- Exercise prompt:
Return only what lies between the first line of the entries and the line containing "(* Classical boolean", both lines included.

Stored items:
(* Let $f\colon\prod_{i\in[n]}X_i\to Y$ satisfy condition (BC), and let $\varphi_k\colon X_k\to Y$ ($k\in[n]$) be maps satisfying the boundary condition. The following are equivalent: (i) $\Phi_k^-\le\varphi_k\le\Phi_k^+$ (pointwise) for all $k\in[n]$; (ii) $f(\mathbf{x})=p_0(\varphi_1(x_1),\ldots,\varphi_n(x_n))$ for all $\mathbf{x}$, where $p_0(y_1,\ldots,y_n)=\bigvee_{I\subseteq[n]}\big(f(\widehat{\mathbf{1}}_I)\wedge\bigwedge_{i\in I}y_i\big)$; (iii) there exists a polynomial function $p\colon Y^n\to Y$ such that $f(\mathbf{x})=p(\varphi_1(x_1),\ldots,\varphi_n(x_n))$ for all $\mathbf{x}$.
   Context: $Y$ is a finite distributive lattice identified with a sublattice of $\mathcal{P}(U)$ for a finite set $U$, with least element $0=\emptyset$, greatest element $1=U$, and $\wedge,\vee$ being intersection and union; $\overline{S}=U\setminus S$. For $S\subseteq U$, $\operatorname{cl}(S)=\bigwedge\{y\in Y: y\ge S\}$, $\operatorname{int}(S)=\bigvee\{y\in Y: y\le S\}$. $[n]=\{1,\ldots,n\}$; $X_1,\ldots,X_n$ are arbitrary sets with at least two elements, each with two fixed distinct elements $0_{X_k},1_{X_k}$ (written $0,1$). For $\mathbf{x}\in\prod_i X_i$ and $a\in X_k$, $\mathbf{x}_k^a$ is $\mathbf{x}$ with $k$-th component replaced by $a$. For $I\subseteq[n]$, $\widehat{\mathbf{1}}_I$ is the tuple whose $i$-th component is $1_{X_i}$ if $i\in I$ and $0_{X_i}$ otherwise; an empty meet equals $1$. A map $\varphi_k\colon X_k\to Y$ satisfies the boundary condition if $\varphi_k(0_{X_k})\le\varphi_k(x_k)\le\varphi_k(1_{X_k})$ for all $x_k$. A polynomial function $Y^n\to Y$ is a composition of $\wedge,\vee$ with variables and constants. Condition (BC): $f(\mathbf{x}_k^0)\le f(\mathbf{x})\le f(\mathbf{x}_k^1)$ for all $k\in[n]$ and all $\mathbf{x}$. For $k\in[n]$, $a_k\in X_k$: $$\Phi_k^-(a_k)=\bigvee_{\mathbf{x}:\,x_k=a_k}\operatorname{cl}\big(f(\mathbf{x})\wedge\overline{f(\mathbf{x}_k^0)}\big),\qquad \Phi_k^+(a_k)=\bigwedge_{\mathbf{x}:\,x_k=a_k}\operatorname{int}\big(f(\mathbf{x})\vee\overline{f(\mathbf{x}_k^1)}\big),$$ ranging over all $\mathbf{x}$ with $k$-th component $a_k$. *)

From mathcomp Require Import all_boot.
From Stdlib Require Import ClassicalEpsilon.
Set Implicit Arguments.
Unset Strict Implicit.
Unset Printing Implicit Defensive.

(* Classical boolean reflection of a proposition (used to form subsets of U
   described by possibly infinitary conditions). *)
Definition pbool (P : Prop) : bool :=
  if excluded_middle_informative P then true else false.

Section Lat.
Variable U : finType.
(* Y : the finite distributive lattice, a sublattice of P(U) *)
Definition is_sublattice (Y : {set {set U}}) : Prop :=
  [/\ set0 \in Y, setT \in Y,
      (forall a b, a \in Y -> b \in Y -> a :&: b \in Y)
    & (forall a b, a \in Y -> b \in Y -> a :|: b \in Y)].

Definition cl (Y : {set {set U}}) (S : {set U}) : {set U} :=
  \bigcap_(y in Y | S \subset y) y.
Definition int (Y : {set {set U}}) (S : {set U}) : {set U} :=
  \bigcup_(y in Y | y \subset S) y.
End Lat.

Section Fun.
Variables (U : finType) (n : nat) (X : 'I_n -> Type).

Definition upd (x : forall i, X i) (k : 'I_n) (a : X k) : forall i, X i :=
  dfwith x a.

Definition hat1 (z o : forall i, X i) (I : {set 'I_n}) : forall i, X i :=
  fun i => if i \in I then o i else z i.

Definition BC (z o : forall i, X i) (f : (forall i, X i) -> {set U}) : Prop :=
  forall k x, f (upd x (z k)) \subset f x /\ f x \subset f (upd x (o k)).

Definition Phi_minus (Y : {set {set U}}) (z : forall i, X i)
  (f : (forall i, X i) -> {set U}) (k : 'I_n) (a : X k) : {set U} :=
  [set u | pbool (exists x : forall i, X i,
      x k = a /\ u \in cl Y (f x :&: ~: f (upd x (z k))))].

(* Phi_k^+ (a) : meet (intersection, empty meet = U) over all x with x_k = a *)
Definition Phi_plus (Y : {set {set U}}) (o : forall i, X i)
  (f : (forall i, X i) -> {set U}) (k : 'I_n) (a : X k) : {set U} :=
  [set u | pbool (forall x : forall i, X i,
      x k = a -> u \in int Y (f x :|: ~: f (upd x (o k))))].

Definition p0 (z o : forall i, X i) (f : (forall i, X i) -> {set U})
  (y : 'I_n -> {set U}) : {set U} :=
  \bigcup_(I : {set 'I_n}) (f (hat1 z o I) :&: \bigcap_(i in I) y i).
End Fun.

Inductive lpoly (U : finType) (n : nat) : Type :=
| PVar of 'I_n
| PConst of {set U}
| PMeet of lpoly U n & lpoly U n
| PJoin of lpoly U n & lpoly U n.

Fixpoint lp_eval (U : finType) (n : nat) (p : lpoly U n)
  (y : 'I_n -> {set U}) : {set U} :=
  match p with
  | PVar i => y i
  | PConst c => c
  | PMeet p q => lp_eval p y :&: lp_eval q y
  | PJoin p q => lp_eval p y :|: lp_eval q y
  end.

Fixpoint lp_consts_in (U : finType) (n : nat) (Y : {set {set U}})
  (p : lpoly U n) : Prop :=
  match p with
  | PVar _ => True
  | PConst c => c \in Y
  | PMeet p q => lp_consts_in Y p /\ lp_consts_in Y q
  | PJoin p q => lp_consts_in Y p /\ lp_consts_in Y q
  end.

Definition polynomial_function (U : finType) (n : nat) (Y : {set {set U}})
  (p : ('I_n -> {set U}) -> {set U}) : Prop :=
  exists t : lpoly U n, lp_consts_in Y t /\
    forall y : 'I_n -> {set U}, (forall i, y i \in Y) -> p y = lp_eval t y.

From mathcomp Require Import all_boot.
From Stdlib Require Import FunctionalExtensionality ClassicalEpsilon.

(* Write (Lo) and (Up) for the two "pointwise" conditions
     (Lo)  u ∈ f w \ f(w_k^0)           ==>  u ∈ phi_k(w_k),
     (Up)  u ∈ phi_k(w_k) ∩ f(w_k^1)    ==>  u ∈ f w.
   Since every phi_k(a) lies in Y and cl/int are the closure and interior
   operators of Y, condition (i) is equivalent to (Lo) /\ (Up).
   Moving from one tuple to another by changing one coordinate at a time
   (the "walk" lemma below) gives:
   - BC makes f monotone for the coordinatewise order with bottom 0, top 1;
   - (Lo) and (Up) give both inclusions of f x = p_0(phi(x)), i.e. (ii);
   p_0 is visibly a lattice polynomial with constants in Y, so (ii) => (iii);
   and any polynomial representation of f is pointwise monotone in the
   values phi_i(x_i), which yields (Lo) and (Up) back, closing the cycle. *)

Lemma pboolP (P : Prop) : reflect P (pbool P).
Proof. by rewrite /pbool; case: excluded_middle_informative => h; constructor. Qed.

Section ClosureInterior.
Context {U : finType} (Y : {set {set U}}).

Lemma subset_cl (S : {set U}) : S \subset cl Y S.
Proof. by apply/subsetP => u uS; apply/bigcapP => y /andP [_ /subsetP]; apply. Qed.

Lemma cl_min (S y : {set U}) : y \in Y -> S \subset y -> cl Y S \subset y.
Proof. by move=> yY Sy; apply: bigcap_inf; rewrite yY. Qed.

Lemma int_subset (S : {set U}) : int Y S \subset S.
Proof. by apply/bigcupsP => y /andP []. Qed.

Lemma int_max (S y : {set U}) : y \in Y -> y \subset S -> y \subset int Y S.
Proof. by move=> yY yS; apply: bigcup_sup; rewrite yY. Qed.
End ClosureInterior.

Section Tuples.
Context {n : nat} {X : 'I_n -> Type}.
Implicit Types (a b w : forall i, X i) (S : {set 'I_n}).

Lemma upd_id w k : upd w (w k) = w.
Proof. by apply: functional_extensionality_dep => i; rewrite /upd; case: dfwithP. Qed.

Lemma upd_upd w k (c d : X k) : upd (upd w c) d = upd w d.
Proof.
apply: functional_extensionality_dep => i; rewrite /upd.
by case: dfwithP => [|j kj]; rewrite ?dfwith_in ?dfwith_out.
Qed.

Lemma hat1_set0 a b : hat1 a b set0 = a.
Proof. by apply: functional_extensionality_dep => i; rewrite /hat1 inE. Qed.

Lemma hat1_setT a b : hat1 a b setT = b.
Proof. by apply: functional_extensionality_dep => i; rewrite /hat1 inE. Qed.

Lemma hat1_setU1 a b S k : upd (hat1 a b S) (b k) = hat1 a b (k |: S).
Proof.
apply: functional_extensionality_dep => i; rewrite /upd /hat1.
case: dfwithP => [|j kj]; first by rewrite setU11.
by rewrite in_setU1 eq_sym (negbTE kj).
Qed.

Lemma walk a b (P : (forall i, X i) -> Prop) :
  P a -> (forall w k, w k = a k -> P w -> P (upd w (b k))) -> P b.
Proof.
move=> Pa step; suff all_s s : P (hat1 a b [set:: s]).
  have enumT : [set:: enum 'I_n] = setT by apply/setP => i; rewrite !inE mem_enum.
  by rewrite -(hat1_setT a b) -enumT.
elim: s => [|k s IH]; first by rewrite set_nil hat1_set0.
rewrite set_cons; have [ks|ks] := boolP (k \in [set:: s]).
  by move: ks; rewrite -sub1set => /setUidPr ->.
by rewrite -hat1_setU1; apply: step => //; rewrite /hat1 (negbTE ks).
Qed.
End Tuples.

Section LatticePolynomials.
Context {U : finType} {n : nat}.

Lemma lp_eval_mono (t : lpoly U n) u (y1 y2 : 'I_n -> {set U}) :
  (forall i, u \in y1 i -> u \in y2 i) -> u \in lp_eval t y1 -> u \in lp_eval t y2.
Proof.
move=> y12; elim: t => [i|c|p IHp q IHq|p IHp q IHq] //=; first exact: y12.
  by rewrite !inE => /andP [/IHp -> /IHq ->].
by rewrite !inE => /orP [/IHp -> | /IHq ->]; rewrite ?orbT.
Qed.

Definition lp_bigmeet (s : seq 'I_n) : lpoly U n :=
  foldr (fun i t => PMeet (PVar U i) t) (PConst n setT) s.

Lemma lp_bigmeetE s y : lp_eval (lp_bigmeet s) y = \bigcap_(i <- s) y i.
Proof. by elim: s => [|i s IH]; rewrite ?big_nil ?big_cons //= IH. Qed.

Definition lp_bigjoin (s : seq {set 'I_n}) (c : {set 'I_n} -> {set U}) : lpoly U n :=
  foldr (fun I t => PJoin (PMeet (PConst n (c I)) (lp_bigmeet (enum I))) t)
        (PConst n set0) s.

Lemma lp_bigjoinE s c y : lp_eval (lp_bigjoin s c) y =
  \bigcup_(I <- s) (c I :&: \bigcap_(i in I) y i).
Proof.
elim: s => [|I s IH]; first by rewrite big_nil.
by rewrite big_cons /= IH lp_bigmeetE big_enum.
Qed.

Lemma lp_bigjoin_consts (Y : {set {set U}}) s c :
  set0 \in Y -> setT \in Y -> (forall I, c I \in Y) -> lp_consts_in Y (lp_bigjoin s c).
Proof.
move=> Y0 YT cY; elim: s => [|I s IH] //=; do 2?split => //.
by elim: (enum I).
Qed.

Lemma p0_polynomial (Y : {set {set U}}) (X : 'I_n -> Type) (z o : forall i, X i)
    (f : (forall i, X i) -> {set U}) :
  is_sublattice Y -> (forall x, f x \in Y) -> polynomial_function Y (p0 z o f).
Proof.
move=> [Y0 YT _ _] fY; exists (lp_bigjoin (index_enum _) (fun I => f (hat1 z o I))).
by split => [|y _]; [apply: lp_bigjoin_consts | rewrite lp_bigjoinE].
Qed.
End LatticePolynomials.

Section Representation.
Context {U : finType} {n : nat} {X : 'I_n -> Type} (z o : forall i, X i).
Variables (f : (forall i, X i) -> {set U}) (phi : forall k, X k -> {set U}).

(* The pointwise conditions (Lo) and (Up) of the opening comment. *)
Definition lower_bound : Prop :=
  forall k w u, u \in f w -> u \notin f (upd w (k:=k) (z k)) -> u \in phi k (w k).
Definition upper_bound : Prop :=
  forall k w u, u \in phi k (w k) -> u \in f (upd w (k:=k) (o k)) -> u \in f w.

Lemma BC_monotone a b : BC z o f ->
  (forall i, [\/ a i = b i, a i = z i | b i = o i]) -> f a \subset f b.
Proof.
move=> bc ab; apply: (walk a b (fun w => f a \subset f w)) => // w k wk faw.
apply: (subset_trans faw); have [/esym|azk|bok] := ab k.
- by rewrite -wk => ->; rewrite upd_id.
- by have [+ _] := bc k (upd w (b k)); rewrite upd_upd -azk -wk upd_id.
- by rewrite bok; case: (bc k w).
Qed.

Lemma lower_bound_support x u : lower_bound -> u \in f x ->
  u \in f (hat1 z x [set i | u \in phi i (x i)]).
Proof.
move=> lo ux; apply: (walk x _ (fun w => u \in f w)) => // w k wk uw.
rewrite /hat1 inE; case: ifP => [_|uk]; first by rewrite -wk upd_id.
by apply: contraFT uk => un; rewrite -wk; apply: lo.
Qed.

Lemma upper_bound_support x u I : upper_bound ->
  u \in f (hat1 z o I) -> (forall i, i \in I -> u \in phi i (x i)) ->
  u \in f (hat1 z x I).
Proof.
move=> up u1 uI; apply: (walk (hat1 z o I) _ (fun w => u \in f w)) => // w k wk uw.
move: wk; rewrite /hat1; case: ifP => kI wk; last by rewrite -wk upd_id.
apply: (up k); first by rewrite /upd dfwith_in; apply: uI.
by rewrite upd_upd -wk upd_id.
Qed.

Lemma f_hat1_le_self x I : BC z o f -> f (hat1 z x I) \subset f x.
Proof.
move=> bc; apply: BC_monotone => // i.
by rewrite /hat1; case: (i \in I); [exact: Or31 | exact: Or32].
Qed.

Lemma f_hat1_le_top x I : BC z o f -> f (hat1 z x I) \subset f (hat1 z o I).
Proof.
move=> bc; apply: BC_monotone => // i.
by rewrite /hat1; case: (i \in I); [exact: Or33 | exact: Or31].
Qed.

Lemma p0_representation : BC z o f -> lower_bound -> upper_bound ->
  forall x, f x = p0 z o f (fun i => phi i (x i)).
Proof.
move=> bc lo up x; apply/setP => u; apply/idP/bigcupP.
  move=> ux; exists [set i | u \in phi i (x i)] => //; rewrite inE.
  apply/andP; split; last by apply/bigcapP => i; rewrite inE.
  by apply: (subsetP (f_hat1_le_top _ _ bc)); apply: lower_bound_support.
move=> [I _ /setIP [u1 /bigcapP uI]].
by apply: (subsetP (f_hat1_le_self _ I bc)); apply: upper_bound_support.
Qed.

Lemma Phi_bounds_iff {Y : {set {set U}}} : (forall k a, phi k a \in Y) ->
  (forall k a, Phi_minus Y z f a \subset phi k a /\
               phi k a \subset Phi_plus Y o f a) <->
  lower_bound /\ upper_bound.
Proof.
move=> phiY; split.
  move=> bnds; split.
    move=> k w u uw un; have [+ _] := bnds k (w k); move/subsetP; apply.
    rewrite inE; apply/pboolP; exists w; split => //.
    by apply: (subsetP (subset_cl Y _)); rewrite !inE uw un.
  move=> k w u uk uo; have [_ /subsetP /(_ u uk)] := bnds k (w k).
  rewrite inE => /pboolP /(_ w erefl) /(subsetP (int_subset Y _)).
  by rewrite !inE uo orbF.
move=> [lo up] k a; split; apply/subsetP => u.
  rewrite inE => /pboolP [x [xa]]; apply/subsetP/cl_min => //.
  apply/subsetP => v; rewrite !inE => /andP [vx vn]; rewrite -xa; exact: lo vx vn.
move=> ua; rewrite inE; apply/pboolP => x xa.
apply: (subsetP (int_max Y _ _ (phiY k a) _)) ua; apply/subsetP => v va.
rewrite !inE; have [vo|_] := boolP (v \in f (upd x (k:=k) (o k))); last by rewrite orbT.
by rewrite (up k x) // xa.
Qed.

Lemma lp_representation_bounds (t : lpoly U n) :
  (forall x, f x = lp_eval t (fun i => phi i (x i))) -> lower_bound /\ upper_bound.
Proof.
move=> rep; have transfer x x' v :
    (forall i, v \in phi i (x i) -> v \in phi i (x' i)) -> v \in f x -> v \in f x'.
  by rewrite !rep; apply: lp_eval_mono.
split.
  move=> k w u uw; apply: contraNT => uk; apply: transfer uw => i.
  by rewrite /upd; case: dfwithP => // /negbTE in uk *; rewrite uk.
move=> k w u uk; apply: transfer => i.
by rewrite /upd; case: dfwithP.
Qed.
End Representation.

Theorem mainTheorem7 (U : finType) (Y : {set {set U}}) (n : nat)
  (X : 'I_n -> Type) (z o : forall i, X i)
  (f : (forall i, X i) -> {set U}) (phi : forall k, X k -> {set U}) :
  is_sublattice Y ->
  (forall i, z i <> o i) ->
  (forall x, f x \in Y) ->
  (forall k a, phi k a \in Y) ->
  BC z o f ->
  (forall k a, phi k (z k) \subset phi k a /\ phi k a \subset phi k (o k)) ->
  [/\ ((forall k a, Phi_minus Y z f a \subset phi k a /\
                    phi k a \subset Phi_plus Y o f a) <->
       (forall x, f x = p0 z o f (fun i => phi i (x i)))),
      ((forall x, f x = p0 z o f (fun i => phi i (x i))) <->
       (exists p, polynomial_function Y p /\
          forall x, f x = p (fun i => phi i (x i))))
    & ((exists p, polynomial_function Y p /\
          forall x, f x = p (fun i => phi i (x i))) <->
       (forall k a, Phi_minus Y z f a \subset phi k a /\
                    phi k a \subset Phi_plus Y o f a))].
Proof.
move=> Ylat _ fY phiY bc _.
have i_ii : (forall k a, Phi_minus Y z f a \subset phi k a /\
                         phi k a \subset Phi_plus Y o f a) ->
            forall x, f x = p0 z o f (fun i => phi i (x i)).
  by move=> /(Phi_bounds_iff z o f phi phiY) [lo up]; apply: p0_representation.
have ii_iii : (forall x, f x = p0 z o f (fun i => phi i (x i))) ->
              exists p, polynomial_function Y p /\
                forall x, f x = p (fun i => phi i (x i)).
  by move=> rep; exists (p0 z o f); split => //; apply: p0_polynomial.
have iii_i : (exists p, polynomial_function Y p /\
                forall x, f x = p (fun i => phi i (x i))) ->
             forall k a, Phi_minus Y z f a \subset phi k a /\
                         phi k a \subset Phi_plus Y o f a.
  move=> [p [[t [_ pt]] rep]]; apply/(Phi_bounds_iff z o f phi phiY).
  by apply: (lp_representation_bounds z o f phi t) => x; rewrite rep pt.
split; split.
- exact: i_ii.
- by move/ii_iii/iii_i.
- exact: ii_iii.
- by move/iii_i/i_ii.
- exact: iii_i.
- by move/i_ii/ii_iii.
Qed.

- Completed exercise:
(* Let $f\colon\prod_{i\in[n]}X_i\to Y$ satisfy condition (BC), and let $\varphi_k\colon X_k\to Y$ ($k\in[n]$) be maps satisfying the boundary condition. The following are equivalent: (i) $\Phi_k^-\le\varphi_k\le\Phi_k^+$ (pointwise) for all $k\in[n]$; (ii) $f(\mathbf{x})=p_0(\varphi_1(x_1),\ldots,\varphi_n(x_n))$ for all $\mathbf{x}$, where $p_0(y_1,\ldots,y_n)=\bigvee_{I\subseteq[n]}\big(f(\widehat{\mathbf{1}}_I)\wedge\bigwedge_{i\in I}y_i\big)$; (iii) there exists a polynomial function $p\colon Y^n\to Y$ such that $f(\mathbf{x})=p(\varphi_1(x_1),\ldots,\varphi_n(x_n))$ for all $\mathbf{x}$.
   Context: $Y$ is a finite distributive lattice identified with a sublattice of $\mathcal{P}(U)$ for a finite set $U$, with least element $0=\emptyset$, greatest element $1=U$, and $\wedge,\vee$ being intersection and union; $\overline{S}=U\setminus S$. For $S\subseteq U$, $\operatorname{cl}(S)=\bigwedge\{y\in Y: y\ge S\}$, $\operatorname{int}(S)=\bigvee\{y\in Y: y\le S\}$. $[n]=\{1,\ldots,n\}$; $X_1,\ldots,X_n$ are arbitrary sets with at least two elements, each with two fixed distinct elements $0_{X_k},1_{X_k}$ (written $0,1$). For $\mathbf{x}\in\prod_i X_i$ and $a\in X_k$, $\mathbf{x}_k^a$ is $\mathbf{x}$ with $k$-th component replaced by $a$. For $I\subseteq[n]$, $\widehat{\mathbf{1}}_I$ is the tuple whose $i$-th component is $1_{X_i}$ if $i\in I$ and $0_{X_i}$ otherwise; an empty meet equals $1$. A map $\varphi_k\colon X_k\to Y$ satisfies the boundary condition if $\varphi_k(0_{X_k})\le\varphi_k(x_k)\le\varphi_k(1_{X_k})$ for all $x_k$. A polynomial function $Y^n\to Y$ is a composition of $\wedge,\vee$ with variables and constants. Condition (BC): $f(\mathbf{x}_k^0)\le f(\mathbf{x})\le f(\mathbf{x}_k^1)$ for all $k\in[n]$ and all $\mathbf{x}$. For $k\in[n]$, $a_k\in X_k$: $$\Phi_k^-(a_k)=\bigvee_{\mathbf{x}:\,x_k=a_k}\operatorname{cl}\big(f(\mathbf{x})\wedge\overline{f(\mathbf{x}_k^0)}\big),\qquad \Phi_k^+(a_k)=\bigwedge_{\mathbf{x}:\,x_k=a_k}\operatorname{int}\big(f(\mathbf{x})\vee\overline{f(\mathbf{x}_k^1)}\big),$$ ranging over all $\mathbf{x}$ with $k$-th component $a_k$. *)

From mathcomp Require Import all_boot.
From Stdlib Require Import ClassicalEpsilon.
Set Implicit Arguments.
Unset Strict Implicit.
Unset Printing Implicit Defensive.

(* Classical boolean reflection of a proposition (used to form subsets of U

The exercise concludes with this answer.